Push for NT surrogacy- please help!

Push for NT surrogacy- please help!

UPDATE: We are pleased to announce that in late December 2022, the Northern Territory (NT) Government commenced the Surrogacy Act 2022 and Surrogacy Regulations 2022.

Currently there is a push for there to be surrogacy laws in the Northern Territory. When all the States copied the ACT’s lead back in 2008-2012 and legislated to allow and regulate surrogacy, the Northern Territory did not.

It is legal  in the Northern Territory to engage in any form of surrogacy. Whilst this might seem a case of anything goes, in reality no surrogacy can happen there, at least through an IVF clinic, because:

  • the only IVF clinic in the Northern Territory, Repromed, cannot undertake any commercial surrogacy. This is because licensing conditions applying to all Australian IVF clinics, the National Health and Medical Research Council, Ethical Guidelines on the use of artificial reproductive technology in clinical practice and research (2017), bans them from taking part in any commercial surrogacy.
  • Repromed has decided that it will not provide treatment in surrogacy cases because the law does not allow the transfer of parentage, a critical part of any surrogacy journey.
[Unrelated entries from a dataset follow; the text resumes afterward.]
(* If $\mathcal R$ is a TRS that is complete modulo $\mathcal B$, then $\ddot{\mathcal R}$ is a TRS which is normalization equivalent modulo $\mathcal B$ to $\mathcal R$, conversion equivalent modulo $\mathcal B$ to $\mathcal R$, and canonical modulo $\mathcal B$.
   Context: Terms over a signature $\mathcal F$; $s\to_{\mathcal R}t$ is the usual rewrite relation (closure under contexts and substitutions), $\leftarrow$ its inverse. $\mathcal B$ is a fixed ES with $\mathrm{Var}(\ell)=\mathrm{Var}(r)$ for all $\ell\approx r\in\mathcal B$, $\sim_{\mathcal B}=\leftrightarrow^*_{\mathcal B}$, $\to_{\mathcal R/\mathcal B}=\sim_{\mathcal B}\cdot\to_{\mathcal R}\cdot\sim_{\mathcal B}$. $\mathcal R$ is terminating modulo $\mathcal B$ if $\to_{\mathcal R/\mathcal B}$ has no infinite sequence; Church–Rosser modulo $\mathcal B$ if $\leftrightarrow^*_{\mathcal R\cup\mathcal B}\subseteq\to^*_{\mathcal R}\cdot\sim_{\mathcal B}\cdot\leftarrow^*_{\mathcal R}$; complete modulo $\mathcal B$ if both. TRSs $\mathcal R,\mathcal S$ are normalization equivalent modulo $\mathcal B$ if $\to^!_{\mathcal R}\cdot\sim_{\mathcal B}=\to^!_{\mathcal S}\cdot\sim_{\mathcal B}$ ($a\to^!b$: $a\to^*b$ with $b$ a normal form), and conversion equivalent modulo $\mathcal B$ if $\leftrightarrow^*_{\mathcal R\cup\mathcal B}=\leftrightarrow^*_{\mathcal S\cup\mathcal B}$. Two rules $\ell\to r,\ell'\to r'$ are right-$\mathcal B$-equivalent variants if there is a renaming $\sigma$ with $\ell\sigma=\ell'$ and $r\sigma\sim_{\mathcal B}r'$; for a TRS $\mathcal T$, $\mathcal T_{\simeq}$ denotes a subset of $\mathcal T$ containing exactly one representative of each class of rules of $\mathcal T$ that are right-$\mathcal B$-equivalent variants of each other. A TRS is left-reduced if for every rule $\ell\to r$, $\ell$ is a normal form of the TRS without that rule; right-$\mathcal B$-reduced if for every rule $\ell\to r$, $r$ is a normal form of $\to_{\mathcal R/\mathcal B}$; canonical modulo $\mathcal B$ if complete modulo $\mathcal B$, left-reduced and right-$\mathcal B$-reduced. For $\mathcal R$ terminating modulo $\mathcal B$: $\dot{\mathcal R}=\{\ell\to r{\downarrow_{\mathcal R/\mathcal B}}\mid\ell\to r\in\mathcal R\}_{\simeq}$, where $r{\downarrow_{\mathcal R/\mathcal B}}$ is an arbitrary normal form of $r$ w.r.t. $\to_{\mathcal R/\mathcal B}$, and $\ddot{\mathcal R}=\{\ell\to r\in\dot{\mathcal R}\mid \ell\text{ is a normal form of }\dot{\mathcal R}\setminus\{\ell\to r\}\}$. *)

From Stdlib Require Import List Relations.
Import ListNotations.
Set Implicit Arguments.

Section TRS.
Variables (F V : Type).
(* Let $P=\mathbb{Q}[x_1,\dots,x_n]$ and let $\sigma$ be a term ordering on $\mathbb{T}^n$. Let $I$ be a non-zero ideal in $P$, and let $G_\sigma=\{g_1,\dots,g_r\}$ be its reduced $\sigma$-Gröbner basis, indexed so that $\mathrm{LT}_\sigma(g_1)<_\sigma\cdots<_\sigma \mathrm{LT}_\sigma(g_r)$. Let $\tilde G=\{\tilde g_1,\dots,\tilde g_s\}$ be a minimal strong $\sigma$-Gröbner basis of the ideal $J=\langle \operatorname{prim}(G_\sigma)\rangle\subseteq\mathbb{Z}[x_1,\dots,x_n]$. Then: (a) the elements of $\tilde G$ can be indexed so that $\mathrm{LT}_\sigma(\tilde g_i)=\mathrm{LT}_\sigma(g_i)$ for $i=1,\dots,r$, while for $i=r+1,\dots,s$ each $\mathrm{LT}_\sigma(\tilde g_i)$ is a proper multiple of $\mathrm{LT}_\sigma(g_k)$ for some $k\le r$; (b) with this indexing, the subset $\{\tilde g_1,\dots,\tilde g_r\}$ is a minimal $\sigma$-Gröbner basis of $I$ in $P$; (c) with this indexing, $\mathrm{LC}_\sigma(\tilde g_i)$ divides $\mathrm{LC}_\sigma(\operatorname{prim}(g_i))$ for $i=1,\dots,r$; (d) with this indexing, if for some $i\in\{1,\dots,r\}$ there is a prime $p$ such that $p\mid\operatorname{den}(g_i)$ but $p\nmid\operatorname{den}(g_j)$ for every $j=1,\dots,i-1$, then $p\mid \mathrm{LC}_\sigma(\tilde g_i)$.
   Context: $\mathbb{T}^n$ is the monoid of power-products in $x_1,\dots,x_n$; $\mathrm{LT}_\sigma$, $\mathrm{LC}_\sigma$, $\mathrm{LM}_\sigma$ denote leading power-product (term), leading coefficient and leading monomial $\mathrm{LC}_\sigma(f)\cdot\mathrm{LT}_\sigma(f)$. For $f\in P$, $\operatorname{den}(f)$ is the positive least common multiple of the denominators of the coefficients of $f$. For non-zero $f\in P$, with $c$ the integer content of $f\cdot\operatorname{den}(f)\in\mathbb{Z}[x_1,\dots,x_n]$, the primitive integral part is $\operatorname{prim}(f)=c^{-1}f\cdot\operatorname{den}(f)$; for a set $F$, $\operatorname{prim}(F)=\{\operatorname{prim}(f):f\in F\}$. Non-zero polynomials $g_1,\dots,g_s\in\mathbb{Z}[x_1,\dots,x_n]$ form a strong $\sigma$-Gröbner basis of $J=\langle g_1,\dots,g_s\rangle$ if for each non-zero $f\in J$ some $\mathrm{LM}_\sigma(g_i)$ divides $\mathrm{LM}_\sigma(f)$ in $\mathbb{Z}[x_1,\dots,x_n]$; it is minimal if moreover $\mathrm{LM}_\sigma(g_i)\nmid\mathrm{LM}_\sigma(g_j)$ whenever $i\neq j$. *)

From HB Require Import structures.
From mathcomp Require Import all_boot all_order all_algebra.
From mathcomp Require Import mpoly.
Definition stream (n : nat) (s : {perm 'I_n}) : seq 'I_n :=
  [seq s i | i <- enum 'I_n].

(* The completed array v: cell c = sigma_{k+1} (0-indexed position k) gets
   A(sigma_1..sigma_{k+1}) if k < n-1, and b if c = sigma_n. *)
Definition array (n : nat) (A : alice_rule n) (s : {perm 'I_n}) (b : bool)
  : cube n :=
  [ffun c => let k := val ((s^-1)%g c) in
             if k == n.-1 then b else A (take k.+1 (stream s))].

Definition valid (n : nat) (A : alice_rule n) (B : bob_rule n) : Prop :=
  forall (s : {perm 'I_n}) (b : bool) (i : 'I_n),
    val i = n.-1 -> s i \in B (array A s b).

Definition cost (n : nat) (A : alice_rule n) (B : bob_rule n) : nat :=
  \max_(s : {perm 'I_n}) \max_(b : bool) #|B (array A s b)|.

Definition Cgame (n : nat) : nat :=
  least (fun m => exists (A : alice_rule n) (B : bob_rule n),
                    valid A B /\ cost A B = m).

From mathcomp Require Import all_boot all_order all_algebra all_fingroup.
From mathcomp Require Import mpoly Rstruct.
From Stdlib Require Import ClassicalEpsilon.

Set Implicit Arguments.
Unset Strict Implicit.
Unset Printing Implicit Defensive.
Import GRing.Theory.
Local Open Scope ring_scope.

(* In the multilinear expansion of f, the coefficient of x_T is the mixed
   finite difference of f in the directions T at the origin. Since
   deg f = d, some such difference with |T| >= d is nonzero, and splitting
   off one direction at a time yields a point z and a set F with |F| = d and
   nonzero finite difference of f in the directions F at z. The cells of the
   game are identified with F. Whenever a cell is revealed, Alice fixes the
   corresponding coordinate of z so that the finite difference in the
   still unrevealed directions stays nonzero. When a single direction j is
   left, this difference is f(z[j:=1]) - f(z[j:=0]) <> 0, so f is sensitive
   to j at the point encoded by the final array, whatever the last bit.
   Bob answers the cells at which f is sensitive there: at most s(f). *)

Lemma least_le (P : nat -> Prop) m : P m -> (least P <= m)%N.
Proof.
move=> Pm; rewrite /least.
case: excluded_middle_informative => [exP|[]]; last first.
  by exists m; rewrite /classical_pred; case: excluded_middle_informative.
case: ex_minnP => k _; apply; rewrite /classical_pred.
by case: excluded_middle_informative.
Qed.

Lemma big_subset_setD1 (T : finType) (V : nmodType) (G : {set T} -> V)
    (S : {set T}) (j : T) : j \in S ->
  \sum_(A : {set T} | A \subset S) G A =
  \sum_(A : {set T} | A \subset S :\ j) G (j |: A) +
  \sum_(A : {set T} | A \subset S :\ j) G A.
Proof.
move=> jS; rewrite (bigID [pred A : {set T} | j \in A]) /=; congr (_ + _).
  rewrite (reindex_onto (fun A => j |: A) (fun A => A :\ j)) /=; last first.
    by move=> A /andP[_ jA]; rewrite setD1K.
  apply: eq_bigl => A; rewrite setU11 andbT subsetD1 subUset sub1set jS /=.
  apply/idP/idP => [/andP[-> /eqP <-]|/andP[AS jA]]; first by rewrite !inE eqxx.
  rewrite AS; apply/eqP/setP => i; rewrite !inE.
  by case: (eqVneq i j) => [->|//]; rewrite (negbTE jA).
by apply: eq_bigl => A; rewrite subsetD1.
Qed.

Lemma exists_inj_ord_imset (T : finType) (A : {set T}) d : #|A| = d ->
  exists2 e : 'I_d -> T, injective e & [set e c | c in setT] = A.
Proof.
move=> cardA; exists (fun c => enum_val (cast_ord (esym cardA) c)).
  by move=> c1 c2 /enum_val_inj /cast_ord_inj.
apply/setP => j; apply/imsetP/idP => [[c _ ->]|jA]; first exact: enum_valP.
exists (cast_ord cardA (enum_rank_in jA j)) => //.
by rewrite cast_ordK enum_rankK_in.
Qed.

Section FiniteDifference.
Variables (N : nat) (f : cube N -> bool).

Definition set_bit (z : cube N) (j : 'I_N) (b : bool) : cube N :=
  [ffun i => if i == j then b else z i].

Definition overwrite (F y : {set 'I_N}) (z : cube N) : cube N :=
  [ffun i => if i \in F then i \in y else z i].

Definition fR (x : cube N) : R := ((f x : nat)%:R : R).

Definition diff (F : {set 'I_N}) (z : cube N) : R :=
  \sum_(y : {set 'I_N} | y \subset F) (-1) ^+ #|F :\: y| * fR (overwrite F y z).

Lemma set_bit_id (z : cube N) (j : 'I_N) : set_bit z j (z j) = z.
Proof. by apply/ffunP => i; rewrite ffunE; case: eqVneq => // ->. Qed.

Lemma diff_setD1 (F : {set 'I_N}) (z : cube N) (j : 'I_N) : j \in F ->
  diff F z = diff (F :\ j) (set_bit z j true) - diff (F :\ j) (set_bit z j false).
Proof.
move=> jF; rewrite /diff (big_subset_setD1 _ jF) /=; congr (_ + _).
  apply: eq_bigr => y yF; congr (_ * fR _).
    congr (_ ^+ _); apply: eq_card => i; rewrite !inE.
    by case: (i == j); case: (i \in y).
  apply/ffunP => i; rewrite !ffunE !inE.
  by case: (eqVneq i j) => [->|]; rewrite ?jF.
rewrite -sumrN; apply: eq_bigr => y yF.
have jy : j \notin y by move: yF; rewrite subsetD1 => /andP[].
have -> : #|F :\: y| = #|(F :\ j) :\: y|.+1.
  have -> : F :\: y = j |: ((F :\ j) :\: y).
    apply/setP => i; rewrite !inE; case: (eqVneq i j) => [->|] //=.
    by rewrite jF (negbTE jy).
  by rewrite cardsU1 !inE eqxx andbF.
rewrite exprS mulN1r mulNr; congr (- (_ * fR _)).
apply/ffunP => i; rewrite !ffunE !inE.
by case: (eqVneq i j) => [->|] //=; rewrite (negbTE jy) jF.
Qed.

Lemma diff_set0 (z : cube N) : diff set0 z = fR z.
Proof.
rewrite /diff (big_pred1 set0) => [|y]; last by rewrite subset0.
rewrite setD0 cards0 expr0 mul1r; congr fR; apply/ffunP => i.
by rewrite !ffunE inE.
Qed.

Lemma diff_set1 (z : cube N) (j : 'I_N) :
  diff [set j] z = fR (set_bit z j true) - fR (set_bit z j false).
Proof. by rewrite (diff_setD1 _ (set11 j)) setDv !diff_set0. Qed.

Definition keep_bit (F : {set 'I_N}) (z : cube N) (j : 'I_N) : bool :=
  diff (F :\ j) (set_bit z j true) != 0.

Lemma diff_keep_bit (F : {set 'I_N}) (z : cube N) (j : 'I_N) :
  j \in F -> diff F z != 0 -> diff (F :\ j) (set_bit z j (keep_bit F z j)) != 0.
Proof.
move=> jF dF; rewrite /keep_bit.
case: (eqVneq (diff (F :\ j) (set_bit z j true)) 0) => // d1.
by move: dF; rewrite (diff_setD1 _ jF) d1 sub0r oppr_eq0.
Qed.

Lemma diff_neq0_card (F : {set 'I_N}) (z : cube N) k :
  (k <= #|F|)%N -> diff F z != 0 ->
  exists (F' : {set 'I_N}) (z' : cube N), #|F'| = k /\ diff F' z' != 0.
Proof.
have [n] := ubnP #|F|; elim: n F z => // n IH F z ltFn kF dF.
case: (ltngtP k #|F|) kF => // [ltkF _|-> _]; last by exists F, z.
have [j jF] : exists j, j \in F.
  by apply/set0Pn; rewrite -cards_eq0 -lt0n (leq_ltn_trans _ ltkF).
have cardF : #|F| = #|F :\ j|.+1 by rewrite (cardsD1 j F) jF.
by apply: (IH _ _ _ _ (diff_keep_bit jF dF)); rewrite -ltnS -cardF.
Qed.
In my view the decision by Repromed is fair enough. Imagine wanting to have kids,  going through that clinic and then discovering that you won’t ever become the legal parent!

Intended parents living in the NT are then faced with four heartbreaking choices:

  1. Go interstate and undertake surrogacy there. Of course, this means that they have to uproot themselves from their lives and their jobs in the NT. The NT is home to many people who go tot he Top End for a short posting and then move through. It can ill afford to encourage people to move away due to its legal settings, but it does so currently.
  2. Undertake surrogacy overseas. There is a risk that some people in undertaking an overseas surrogacy journey go to a developing country where the risks of exploitation of them and of the surrogate is higher than it would be at home if surrogacy were allowed.
  3. If you can find a traditional surrogate- do the journey at home, without medical assistance, and fingers crossed have a child- but never be recognised as a parent.
  4. Don’t have kids.

For intended parents who live interstate and are thinking of having a surrogate from the NT, they should think twice about it. If the surrogate gives birth in the NT, then the intended parents may never be recognised as the parents. In one surrogacy journey for a Melbourne couple a few years ago, the surrogate live in the NT. To avoid the difficulty that she might give birth in Victoria, the intended parents arranged for the surrogate to come to Melbourne well and truly  before the birth. Some people might not be so lucky.
It is extraordinary that any Top End surrogate has to travel interstate to give birth- and cannot be a surrogate to a local NT couple (as the parentage won’t change), all because of a lack of laws.
There is a petition on change.org. I’ve signed it and I encourage everyone to sign it. There is also a Facebook page. I encourage everyone to  like it.
A push some years ago to have surrogacy laws in the NT didn’t come to fruition. The sooner there are commonsense laws in the NT to regulate surrogacy and enable the recognition of intended parents as the parents of children born through surrogacy, the better. They can’t come soon enough.